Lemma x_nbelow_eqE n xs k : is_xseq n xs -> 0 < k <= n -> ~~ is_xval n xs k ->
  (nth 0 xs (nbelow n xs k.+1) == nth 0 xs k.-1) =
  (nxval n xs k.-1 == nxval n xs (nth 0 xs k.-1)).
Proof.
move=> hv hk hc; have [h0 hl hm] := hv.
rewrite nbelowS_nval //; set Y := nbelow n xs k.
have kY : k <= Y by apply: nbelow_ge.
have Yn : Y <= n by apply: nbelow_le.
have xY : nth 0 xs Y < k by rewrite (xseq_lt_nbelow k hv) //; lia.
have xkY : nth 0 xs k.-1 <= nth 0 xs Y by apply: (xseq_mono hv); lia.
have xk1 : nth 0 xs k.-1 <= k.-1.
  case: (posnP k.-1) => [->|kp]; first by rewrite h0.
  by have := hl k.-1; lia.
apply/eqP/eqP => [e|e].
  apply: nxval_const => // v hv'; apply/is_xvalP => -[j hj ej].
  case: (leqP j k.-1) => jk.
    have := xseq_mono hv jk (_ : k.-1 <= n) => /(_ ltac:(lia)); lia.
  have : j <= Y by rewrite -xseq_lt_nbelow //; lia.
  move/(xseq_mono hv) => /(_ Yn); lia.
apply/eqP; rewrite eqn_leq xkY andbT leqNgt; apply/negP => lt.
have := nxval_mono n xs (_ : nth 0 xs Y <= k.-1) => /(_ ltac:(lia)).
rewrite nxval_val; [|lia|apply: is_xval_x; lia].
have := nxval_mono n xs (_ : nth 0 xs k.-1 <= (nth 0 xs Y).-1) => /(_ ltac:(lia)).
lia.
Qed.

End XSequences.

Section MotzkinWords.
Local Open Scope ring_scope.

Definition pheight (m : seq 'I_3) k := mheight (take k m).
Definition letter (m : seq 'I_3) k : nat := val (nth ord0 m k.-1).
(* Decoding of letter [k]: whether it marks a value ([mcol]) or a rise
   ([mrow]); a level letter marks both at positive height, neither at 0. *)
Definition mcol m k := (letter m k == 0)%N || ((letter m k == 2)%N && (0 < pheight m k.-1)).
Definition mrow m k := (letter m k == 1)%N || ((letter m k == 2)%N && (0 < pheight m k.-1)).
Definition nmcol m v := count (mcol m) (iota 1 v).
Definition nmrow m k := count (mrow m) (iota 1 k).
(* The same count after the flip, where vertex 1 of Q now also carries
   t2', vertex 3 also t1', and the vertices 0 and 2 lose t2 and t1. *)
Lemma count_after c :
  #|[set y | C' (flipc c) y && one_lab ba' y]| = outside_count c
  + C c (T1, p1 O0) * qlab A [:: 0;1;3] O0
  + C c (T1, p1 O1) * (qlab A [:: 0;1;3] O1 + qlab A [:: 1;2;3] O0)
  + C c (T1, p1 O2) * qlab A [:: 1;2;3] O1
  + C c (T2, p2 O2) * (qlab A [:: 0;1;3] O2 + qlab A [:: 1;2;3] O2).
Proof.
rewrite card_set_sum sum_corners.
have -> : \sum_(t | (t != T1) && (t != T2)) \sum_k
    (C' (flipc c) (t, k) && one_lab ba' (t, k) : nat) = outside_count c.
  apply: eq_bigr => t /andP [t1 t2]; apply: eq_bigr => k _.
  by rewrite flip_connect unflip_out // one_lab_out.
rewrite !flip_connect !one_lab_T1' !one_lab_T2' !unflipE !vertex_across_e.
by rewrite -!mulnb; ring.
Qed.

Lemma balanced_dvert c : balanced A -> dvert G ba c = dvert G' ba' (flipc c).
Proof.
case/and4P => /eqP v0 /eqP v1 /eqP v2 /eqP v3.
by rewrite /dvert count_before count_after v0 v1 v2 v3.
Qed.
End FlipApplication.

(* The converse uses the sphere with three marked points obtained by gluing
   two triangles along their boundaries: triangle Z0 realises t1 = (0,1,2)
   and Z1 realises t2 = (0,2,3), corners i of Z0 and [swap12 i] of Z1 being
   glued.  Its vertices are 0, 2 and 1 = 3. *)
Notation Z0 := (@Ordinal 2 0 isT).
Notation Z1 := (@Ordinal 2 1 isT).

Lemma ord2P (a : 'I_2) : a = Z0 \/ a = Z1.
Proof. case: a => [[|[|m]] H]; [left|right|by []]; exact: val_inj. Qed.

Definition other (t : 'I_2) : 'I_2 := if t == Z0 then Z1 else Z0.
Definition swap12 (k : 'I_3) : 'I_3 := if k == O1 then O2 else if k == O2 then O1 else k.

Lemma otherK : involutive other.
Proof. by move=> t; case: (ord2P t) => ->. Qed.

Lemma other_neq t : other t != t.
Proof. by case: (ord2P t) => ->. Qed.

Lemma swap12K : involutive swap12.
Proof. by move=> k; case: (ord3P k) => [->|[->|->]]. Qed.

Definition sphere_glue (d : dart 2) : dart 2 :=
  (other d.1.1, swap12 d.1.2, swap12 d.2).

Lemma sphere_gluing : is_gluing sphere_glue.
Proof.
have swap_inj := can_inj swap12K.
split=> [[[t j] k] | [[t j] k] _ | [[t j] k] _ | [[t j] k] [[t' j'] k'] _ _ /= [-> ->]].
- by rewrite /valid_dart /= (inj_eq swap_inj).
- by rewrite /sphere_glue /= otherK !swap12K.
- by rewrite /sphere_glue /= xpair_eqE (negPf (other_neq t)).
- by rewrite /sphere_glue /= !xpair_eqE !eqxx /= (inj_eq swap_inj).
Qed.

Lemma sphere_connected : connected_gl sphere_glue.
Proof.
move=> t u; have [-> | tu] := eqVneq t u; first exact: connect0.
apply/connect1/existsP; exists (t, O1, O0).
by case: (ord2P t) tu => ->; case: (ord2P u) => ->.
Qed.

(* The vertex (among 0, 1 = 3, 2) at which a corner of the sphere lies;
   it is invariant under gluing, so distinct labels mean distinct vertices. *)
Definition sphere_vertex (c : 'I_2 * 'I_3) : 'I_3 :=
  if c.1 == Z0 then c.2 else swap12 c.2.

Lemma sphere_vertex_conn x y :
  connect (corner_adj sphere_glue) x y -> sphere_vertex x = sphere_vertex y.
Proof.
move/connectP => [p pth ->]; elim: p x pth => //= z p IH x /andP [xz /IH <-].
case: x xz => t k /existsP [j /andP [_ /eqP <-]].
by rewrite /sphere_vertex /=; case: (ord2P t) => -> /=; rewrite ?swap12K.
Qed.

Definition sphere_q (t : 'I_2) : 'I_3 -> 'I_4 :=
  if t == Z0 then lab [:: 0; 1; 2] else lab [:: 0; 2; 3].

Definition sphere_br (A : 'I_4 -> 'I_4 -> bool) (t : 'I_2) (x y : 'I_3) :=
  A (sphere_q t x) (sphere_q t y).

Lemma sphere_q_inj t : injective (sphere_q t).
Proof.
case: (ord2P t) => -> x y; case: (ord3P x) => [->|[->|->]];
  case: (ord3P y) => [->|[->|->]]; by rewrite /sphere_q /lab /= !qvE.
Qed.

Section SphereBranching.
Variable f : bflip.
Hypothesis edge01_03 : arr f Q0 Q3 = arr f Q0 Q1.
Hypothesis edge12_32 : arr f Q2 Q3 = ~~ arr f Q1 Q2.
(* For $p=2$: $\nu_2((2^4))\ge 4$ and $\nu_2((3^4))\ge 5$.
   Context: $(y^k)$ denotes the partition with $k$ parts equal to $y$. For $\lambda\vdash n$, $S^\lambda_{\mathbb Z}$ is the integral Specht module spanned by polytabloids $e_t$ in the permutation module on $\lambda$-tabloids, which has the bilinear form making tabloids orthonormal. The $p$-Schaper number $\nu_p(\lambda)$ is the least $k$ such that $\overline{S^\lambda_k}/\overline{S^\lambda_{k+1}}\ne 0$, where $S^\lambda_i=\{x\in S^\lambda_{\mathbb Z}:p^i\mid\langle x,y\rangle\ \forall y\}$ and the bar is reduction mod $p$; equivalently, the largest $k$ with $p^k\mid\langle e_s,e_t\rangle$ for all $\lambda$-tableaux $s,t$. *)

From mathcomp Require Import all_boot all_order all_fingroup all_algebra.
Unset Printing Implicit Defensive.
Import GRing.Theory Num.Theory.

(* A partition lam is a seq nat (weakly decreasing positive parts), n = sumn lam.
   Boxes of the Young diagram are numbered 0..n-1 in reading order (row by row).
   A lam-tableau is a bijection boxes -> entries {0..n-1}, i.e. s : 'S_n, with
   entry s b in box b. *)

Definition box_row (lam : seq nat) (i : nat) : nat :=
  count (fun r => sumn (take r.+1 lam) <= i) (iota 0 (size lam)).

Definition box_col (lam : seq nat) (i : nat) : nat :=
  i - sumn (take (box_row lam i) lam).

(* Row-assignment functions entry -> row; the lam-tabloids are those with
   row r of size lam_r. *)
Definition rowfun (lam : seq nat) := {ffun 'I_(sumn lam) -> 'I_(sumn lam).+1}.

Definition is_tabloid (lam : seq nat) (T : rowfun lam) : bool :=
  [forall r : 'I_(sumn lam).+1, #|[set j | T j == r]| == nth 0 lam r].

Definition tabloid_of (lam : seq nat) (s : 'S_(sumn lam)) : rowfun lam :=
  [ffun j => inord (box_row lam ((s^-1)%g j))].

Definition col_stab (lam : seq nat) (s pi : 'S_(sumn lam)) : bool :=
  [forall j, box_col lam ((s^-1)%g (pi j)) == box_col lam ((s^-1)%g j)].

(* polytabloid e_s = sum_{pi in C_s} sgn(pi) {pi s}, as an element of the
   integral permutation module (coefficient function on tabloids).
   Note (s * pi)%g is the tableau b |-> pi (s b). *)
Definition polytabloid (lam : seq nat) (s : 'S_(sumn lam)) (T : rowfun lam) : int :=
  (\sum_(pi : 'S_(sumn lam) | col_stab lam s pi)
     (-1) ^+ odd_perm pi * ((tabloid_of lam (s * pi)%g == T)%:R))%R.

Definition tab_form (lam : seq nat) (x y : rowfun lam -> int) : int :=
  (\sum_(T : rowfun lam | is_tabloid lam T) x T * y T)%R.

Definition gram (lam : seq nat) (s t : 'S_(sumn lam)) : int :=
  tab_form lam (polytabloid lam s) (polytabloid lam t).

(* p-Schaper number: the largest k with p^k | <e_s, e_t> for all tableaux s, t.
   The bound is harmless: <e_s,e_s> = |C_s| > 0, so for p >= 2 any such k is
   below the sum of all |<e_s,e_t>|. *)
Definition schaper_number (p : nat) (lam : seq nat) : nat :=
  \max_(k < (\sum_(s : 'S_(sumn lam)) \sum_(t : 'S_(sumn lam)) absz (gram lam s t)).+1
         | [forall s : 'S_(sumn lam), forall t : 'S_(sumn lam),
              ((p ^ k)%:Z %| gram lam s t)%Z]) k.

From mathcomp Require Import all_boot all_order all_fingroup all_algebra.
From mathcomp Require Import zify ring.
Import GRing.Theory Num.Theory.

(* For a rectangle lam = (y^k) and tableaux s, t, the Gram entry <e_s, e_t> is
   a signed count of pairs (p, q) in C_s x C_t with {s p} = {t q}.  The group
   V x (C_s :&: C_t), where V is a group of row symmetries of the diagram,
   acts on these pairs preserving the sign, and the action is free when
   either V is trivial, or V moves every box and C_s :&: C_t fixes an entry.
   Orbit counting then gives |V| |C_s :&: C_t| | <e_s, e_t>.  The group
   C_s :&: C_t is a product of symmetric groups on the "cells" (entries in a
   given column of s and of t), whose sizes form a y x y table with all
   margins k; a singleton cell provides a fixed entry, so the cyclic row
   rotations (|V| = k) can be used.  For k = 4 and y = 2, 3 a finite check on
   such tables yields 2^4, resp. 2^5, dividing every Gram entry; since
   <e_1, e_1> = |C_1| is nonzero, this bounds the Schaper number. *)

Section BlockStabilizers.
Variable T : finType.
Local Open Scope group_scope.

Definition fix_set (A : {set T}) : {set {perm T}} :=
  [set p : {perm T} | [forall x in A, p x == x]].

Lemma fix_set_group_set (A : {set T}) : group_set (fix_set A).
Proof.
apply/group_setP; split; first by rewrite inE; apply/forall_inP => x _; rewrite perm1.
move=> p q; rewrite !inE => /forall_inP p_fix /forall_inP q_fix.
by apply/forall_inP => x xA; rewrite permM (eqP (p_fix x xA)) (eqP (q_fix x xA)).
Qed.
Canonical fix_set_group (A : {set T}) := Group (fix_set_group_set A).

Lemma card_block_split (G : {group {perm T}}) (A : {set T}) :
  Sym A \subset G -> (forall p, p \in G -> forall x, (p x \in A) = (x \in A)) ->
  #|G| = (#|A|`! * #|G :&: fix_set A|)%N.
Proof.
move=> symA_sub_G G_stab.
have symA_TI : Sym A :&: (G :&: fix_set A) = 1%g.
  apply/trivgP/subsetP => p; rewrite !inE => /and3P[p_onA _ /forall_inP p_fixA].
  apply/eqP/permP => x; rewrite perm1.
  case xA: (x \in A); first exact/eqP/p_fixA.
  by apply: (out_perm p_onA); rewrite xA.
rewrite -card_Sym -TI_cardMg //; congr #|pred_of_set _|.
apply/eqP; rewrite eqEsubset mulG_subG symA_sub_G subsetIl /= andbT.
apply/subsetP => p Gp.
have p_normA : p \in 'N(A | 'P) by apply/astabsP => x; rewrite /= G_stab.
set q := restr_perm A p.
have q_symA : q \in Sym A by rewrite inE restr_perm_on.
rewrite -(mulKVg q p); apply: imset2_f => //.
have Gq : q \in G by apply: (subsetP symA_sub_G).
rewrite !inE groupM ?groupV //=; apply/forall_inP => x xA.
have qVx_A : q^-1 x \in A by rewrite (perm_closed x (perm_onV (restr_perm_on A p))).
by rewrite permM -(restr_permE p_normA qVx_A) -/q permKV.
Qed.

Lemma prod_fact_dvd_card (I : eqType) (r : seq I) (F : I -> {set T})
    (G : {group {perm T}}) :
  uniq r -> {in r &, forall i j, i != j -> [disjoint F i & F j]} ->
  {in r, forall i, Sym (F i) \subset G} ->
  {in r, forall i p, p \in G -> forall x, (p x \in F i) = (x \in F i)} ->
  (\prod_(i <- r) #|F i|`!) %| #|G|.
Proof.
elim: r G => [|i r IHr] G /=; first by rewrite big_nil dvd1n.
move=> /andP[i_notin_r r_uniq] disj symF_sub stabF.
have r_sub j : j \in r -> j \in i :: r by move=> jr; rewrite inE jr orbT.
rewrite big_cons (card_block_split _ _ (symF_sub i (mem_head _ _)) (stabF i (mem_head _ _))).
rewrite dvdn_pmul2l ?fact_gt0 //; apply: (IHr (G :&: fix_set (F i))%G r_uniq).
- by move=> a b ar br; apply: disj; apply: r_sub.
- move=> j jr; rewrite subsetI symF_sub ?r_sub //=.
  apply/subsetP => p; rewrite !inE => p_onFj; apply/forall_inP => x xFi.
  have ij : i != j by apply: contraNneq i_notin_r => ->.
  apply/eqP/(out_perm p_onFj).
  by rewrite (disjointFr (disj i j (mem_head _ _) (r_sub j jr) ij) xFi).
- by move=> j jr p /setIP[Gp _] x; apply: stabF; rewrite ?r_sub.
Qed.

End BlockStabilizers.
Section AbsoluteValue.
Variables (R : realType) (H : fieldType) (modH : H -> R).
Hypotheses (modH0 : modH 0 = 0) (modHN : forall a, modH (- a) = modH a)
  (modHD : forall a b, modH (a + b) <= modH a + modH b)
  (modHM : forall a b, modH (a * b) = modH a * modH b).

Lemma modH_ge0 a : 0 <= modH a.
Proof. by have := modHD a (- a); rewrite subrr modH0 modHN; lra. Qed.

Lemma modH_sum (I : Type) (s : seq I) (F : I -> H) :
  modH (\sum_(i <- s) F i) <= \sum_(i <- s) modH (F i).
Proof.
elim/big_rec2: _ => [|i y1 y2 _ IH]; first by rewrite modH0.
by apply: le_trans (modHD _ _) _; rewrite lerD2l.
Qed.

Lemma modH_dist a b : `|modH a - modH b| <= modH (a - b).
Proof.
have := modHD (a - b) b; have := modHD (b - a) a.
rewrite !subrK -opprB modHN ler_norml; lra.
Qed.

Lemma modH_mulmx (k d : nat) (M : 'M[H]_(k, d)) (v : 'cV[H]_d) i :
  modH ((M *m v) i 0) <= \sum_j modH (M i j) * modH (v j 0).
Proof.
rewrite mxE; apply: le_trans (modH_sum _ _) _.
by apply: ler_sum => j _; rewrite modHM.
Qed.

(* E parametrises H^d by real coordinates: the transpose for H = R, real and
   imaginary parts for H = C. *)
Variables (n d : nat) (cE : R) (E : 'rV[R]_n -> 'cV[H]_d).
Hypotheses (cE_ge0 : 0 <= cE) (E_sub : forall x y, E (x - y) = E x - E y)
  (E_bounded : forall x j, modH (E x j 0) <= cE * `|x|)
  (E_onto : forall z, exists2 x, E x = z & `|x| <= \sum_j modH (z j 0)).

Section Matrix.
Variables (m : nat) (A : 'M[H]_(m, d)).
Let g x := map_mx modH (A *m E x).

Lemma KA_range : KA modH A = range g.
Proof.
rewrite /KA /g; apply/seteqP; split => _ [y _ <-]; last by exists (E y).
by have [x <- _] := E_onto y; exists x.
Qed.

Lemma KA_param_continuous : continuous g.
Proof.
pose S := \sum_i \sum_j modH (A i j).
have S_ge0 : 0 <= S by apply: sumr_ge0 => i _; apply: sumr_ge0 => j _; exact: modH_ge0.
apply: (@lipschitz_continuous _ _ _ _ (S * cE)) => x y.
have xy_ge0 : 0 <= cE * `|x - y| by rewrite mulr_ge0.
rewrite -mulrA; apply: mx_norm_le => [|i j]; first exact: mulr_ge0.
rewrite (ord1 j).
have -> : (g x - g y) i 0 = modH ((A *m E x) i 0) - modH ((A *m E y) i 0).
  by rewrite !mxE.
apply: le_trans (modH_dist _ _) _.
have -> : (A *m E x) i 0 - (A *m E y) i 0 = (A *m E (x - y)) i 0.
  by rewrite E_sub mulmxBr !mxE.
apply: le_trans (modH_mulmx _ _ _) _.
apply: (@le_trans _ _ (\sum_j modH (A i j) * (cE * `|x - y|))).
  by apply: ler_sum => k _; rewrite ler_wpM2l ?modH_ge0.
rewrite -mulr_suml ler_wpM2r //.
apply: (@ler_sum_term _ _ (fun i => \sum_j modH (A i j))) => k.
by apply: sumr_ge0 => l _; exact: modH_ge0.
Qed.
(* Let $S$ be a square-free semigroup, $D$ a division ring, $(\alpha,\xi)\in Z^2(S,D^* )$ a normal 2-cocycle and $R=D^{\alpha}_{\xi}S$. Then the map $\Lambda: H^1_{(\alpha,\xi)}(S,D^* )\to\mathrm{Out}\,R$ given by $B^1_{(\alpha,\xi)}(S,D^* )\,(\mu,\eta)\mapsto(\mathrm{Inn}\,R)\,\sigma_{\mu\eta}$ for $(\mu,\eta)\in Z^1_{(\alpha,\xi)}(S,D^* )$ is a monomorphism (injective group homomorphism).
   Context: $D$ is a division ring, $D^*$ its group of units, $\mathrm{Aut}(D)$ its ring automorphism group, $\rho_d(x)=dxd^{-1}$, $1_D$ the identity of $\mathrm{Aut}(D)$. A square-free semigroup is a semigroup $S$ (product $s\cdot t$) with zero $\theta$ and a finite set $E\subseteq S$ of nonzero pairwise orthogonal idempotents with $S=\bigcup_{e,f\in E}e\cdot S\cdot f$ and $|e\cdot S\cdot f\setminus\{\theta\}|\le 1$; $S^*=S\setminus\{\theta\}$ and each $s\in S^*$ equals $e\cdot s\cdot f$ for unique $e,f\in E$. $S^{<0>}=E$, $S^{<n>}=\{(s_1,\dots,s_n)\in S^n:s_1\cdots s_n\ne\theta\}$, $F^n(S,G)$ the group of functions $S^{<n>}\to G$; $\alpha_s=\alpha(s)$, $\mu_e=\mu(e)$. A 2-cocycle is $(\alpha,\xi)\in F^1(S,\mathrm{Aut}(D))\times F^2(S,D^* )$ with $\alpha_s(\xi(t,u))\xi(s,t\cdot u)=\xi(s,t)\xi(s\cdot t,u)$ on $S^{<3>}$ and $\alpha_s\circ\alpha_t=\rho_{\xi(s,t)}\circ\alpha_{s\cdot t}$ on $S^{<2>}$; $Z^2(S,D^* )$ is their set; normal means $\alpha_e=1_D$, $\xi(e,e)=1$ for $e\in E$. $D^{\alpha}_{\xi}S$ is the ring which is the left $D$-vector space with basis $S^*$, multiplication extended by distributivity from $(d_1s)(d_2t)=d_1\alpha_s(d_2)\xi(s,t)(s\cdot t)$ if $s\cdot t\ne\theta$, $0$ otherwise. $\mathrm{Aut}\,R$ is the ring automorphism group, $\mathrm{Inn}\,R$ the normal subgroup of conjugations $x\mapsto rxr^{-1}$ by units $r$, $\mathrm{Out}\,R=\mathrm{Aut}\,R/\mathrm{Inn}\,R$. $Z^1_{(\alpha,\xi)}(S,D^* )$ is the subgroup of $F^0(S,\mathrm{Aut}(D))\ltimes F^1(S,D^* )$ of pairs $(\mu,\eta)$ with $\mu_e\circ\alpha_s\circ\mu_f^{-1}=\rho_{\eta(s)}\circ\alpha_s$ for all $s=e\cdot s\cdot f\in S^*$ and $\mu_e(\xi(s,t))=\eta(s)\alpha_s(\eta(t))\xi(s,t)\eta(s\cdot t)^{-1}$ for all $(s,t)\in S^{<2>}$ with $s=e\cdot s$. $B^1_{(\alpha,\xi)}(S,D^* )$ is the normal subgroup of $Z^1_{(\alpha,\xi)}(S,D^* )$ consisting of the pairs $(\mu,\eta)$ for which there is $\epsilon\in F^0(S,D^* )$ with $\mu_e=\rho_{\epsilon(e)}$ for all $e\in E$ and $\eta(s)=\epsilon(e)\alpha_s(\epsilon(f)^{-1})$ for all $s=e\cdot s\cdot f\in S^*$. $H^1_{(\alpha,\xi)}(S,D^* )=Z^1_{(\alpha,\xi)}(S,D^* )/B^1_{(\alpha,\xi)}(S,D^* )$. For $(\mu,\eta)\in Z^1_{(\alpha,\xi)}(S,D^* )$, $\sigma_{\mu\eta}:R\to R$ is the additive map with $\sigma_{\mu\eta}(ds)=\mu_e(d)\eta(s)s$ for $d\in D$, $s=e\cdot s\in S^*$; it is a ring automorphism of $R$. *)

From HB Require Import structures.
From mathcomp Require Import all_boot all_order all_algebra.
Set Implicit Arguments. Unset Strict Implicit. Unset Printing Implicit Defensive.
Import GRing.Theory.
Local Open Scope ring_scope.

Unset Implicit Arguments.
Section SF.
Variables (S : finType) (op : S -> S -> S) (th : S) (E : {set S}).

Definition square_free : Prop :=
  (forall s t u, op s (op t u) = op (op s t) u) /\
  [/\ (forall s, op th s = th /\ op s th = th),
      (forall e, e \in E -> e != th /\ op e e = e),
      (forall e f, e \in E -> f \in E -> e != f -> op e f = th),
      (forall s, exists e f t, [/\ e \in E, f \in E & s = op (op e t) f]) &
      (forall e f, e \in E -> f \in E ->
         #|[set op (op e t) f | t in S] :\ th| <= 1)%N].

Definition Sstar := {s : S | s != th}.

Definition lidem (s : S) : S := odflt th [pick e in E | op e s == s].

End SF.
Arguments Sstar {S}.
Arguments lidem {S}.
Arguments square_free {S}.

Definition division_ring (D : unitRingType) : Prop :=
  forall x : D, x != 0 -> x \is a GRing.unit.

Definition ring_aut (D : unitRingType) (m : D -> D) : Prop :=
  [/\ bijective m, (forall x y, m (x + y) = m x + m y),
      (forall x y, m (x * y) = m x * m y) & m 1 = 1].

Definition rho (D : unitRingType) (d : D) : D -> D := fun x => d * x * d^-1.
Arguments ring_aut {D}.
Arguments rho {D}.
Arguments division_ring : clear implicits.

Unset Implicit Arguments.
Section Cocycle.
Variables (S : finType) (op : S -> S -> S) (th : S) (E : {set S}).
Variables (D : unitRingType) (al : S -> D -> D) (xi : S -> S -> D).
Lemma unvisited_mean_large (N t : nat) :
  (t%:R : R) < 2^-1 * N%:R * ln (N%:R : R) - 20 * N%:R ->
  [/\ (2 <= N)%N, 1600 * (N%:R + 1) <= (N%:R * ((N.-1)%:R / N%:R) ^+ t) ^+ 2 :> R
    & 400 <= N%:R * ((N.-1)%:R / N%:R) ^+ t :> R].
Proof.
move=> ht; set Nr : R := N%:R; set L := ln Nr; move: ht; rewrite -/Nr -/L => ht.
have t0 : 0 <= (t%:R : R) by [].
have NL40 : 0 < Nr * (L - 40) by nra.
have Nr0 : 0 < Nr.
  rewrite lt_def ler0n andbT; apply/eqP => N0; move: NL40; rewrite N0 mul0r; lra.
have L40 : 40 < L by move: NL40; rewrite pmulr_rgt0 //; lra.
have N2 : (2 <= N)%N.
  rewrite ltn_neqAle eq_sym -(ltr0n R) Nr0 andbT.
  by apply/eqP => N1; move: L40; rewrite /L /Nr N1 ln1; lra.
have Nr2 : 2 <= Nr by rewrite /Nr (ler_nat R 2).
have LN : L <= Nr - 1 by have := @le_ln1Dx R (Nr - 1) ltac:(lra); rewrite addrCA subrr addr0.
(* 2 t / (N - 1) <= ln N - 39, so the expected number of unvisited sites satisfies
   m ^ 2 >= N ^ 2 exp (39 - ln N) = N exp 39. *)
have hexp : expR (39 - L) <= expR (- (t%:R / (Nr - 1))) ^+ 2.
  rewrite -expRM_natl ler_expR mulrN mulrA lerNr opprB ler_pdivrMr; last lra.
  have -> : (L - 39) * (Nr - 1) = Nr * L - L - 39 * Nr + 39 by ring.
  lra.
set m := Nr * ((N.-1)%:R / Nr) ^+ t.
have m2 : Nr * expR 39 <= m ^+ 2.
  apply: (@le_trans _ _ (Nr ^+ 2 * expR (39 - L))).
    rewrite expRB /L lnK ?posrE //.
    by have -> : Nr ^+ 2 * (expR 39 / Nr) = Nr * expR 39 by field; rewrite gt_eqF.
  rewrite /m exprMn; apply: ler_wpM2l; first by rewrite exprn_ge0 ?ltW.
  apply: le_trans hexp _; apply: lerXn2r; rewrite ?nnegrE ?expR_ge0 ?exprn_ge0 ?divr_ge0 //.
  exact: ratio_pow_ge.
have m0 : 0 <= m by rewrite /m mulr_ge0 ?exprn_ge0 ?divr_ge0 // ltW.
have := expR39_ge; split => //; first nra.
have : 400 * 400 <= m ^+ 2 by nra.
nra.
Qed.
----------
• **TASK DIRECTIONS**:
Scan the records above for the word "Require". Show each line in which it appears.

• **EXERCISE RESPONSE**:
From mathcomp Require Import all_boot all_order all_fingroup all_algebra.
From mathcomp Require Import all_boot all_order all_fingroup all_algebra.
From mathcomp Require Import zify ring.
From HB Require Import structures.
From mathcomp Require Import all_boot all_order all_algebra.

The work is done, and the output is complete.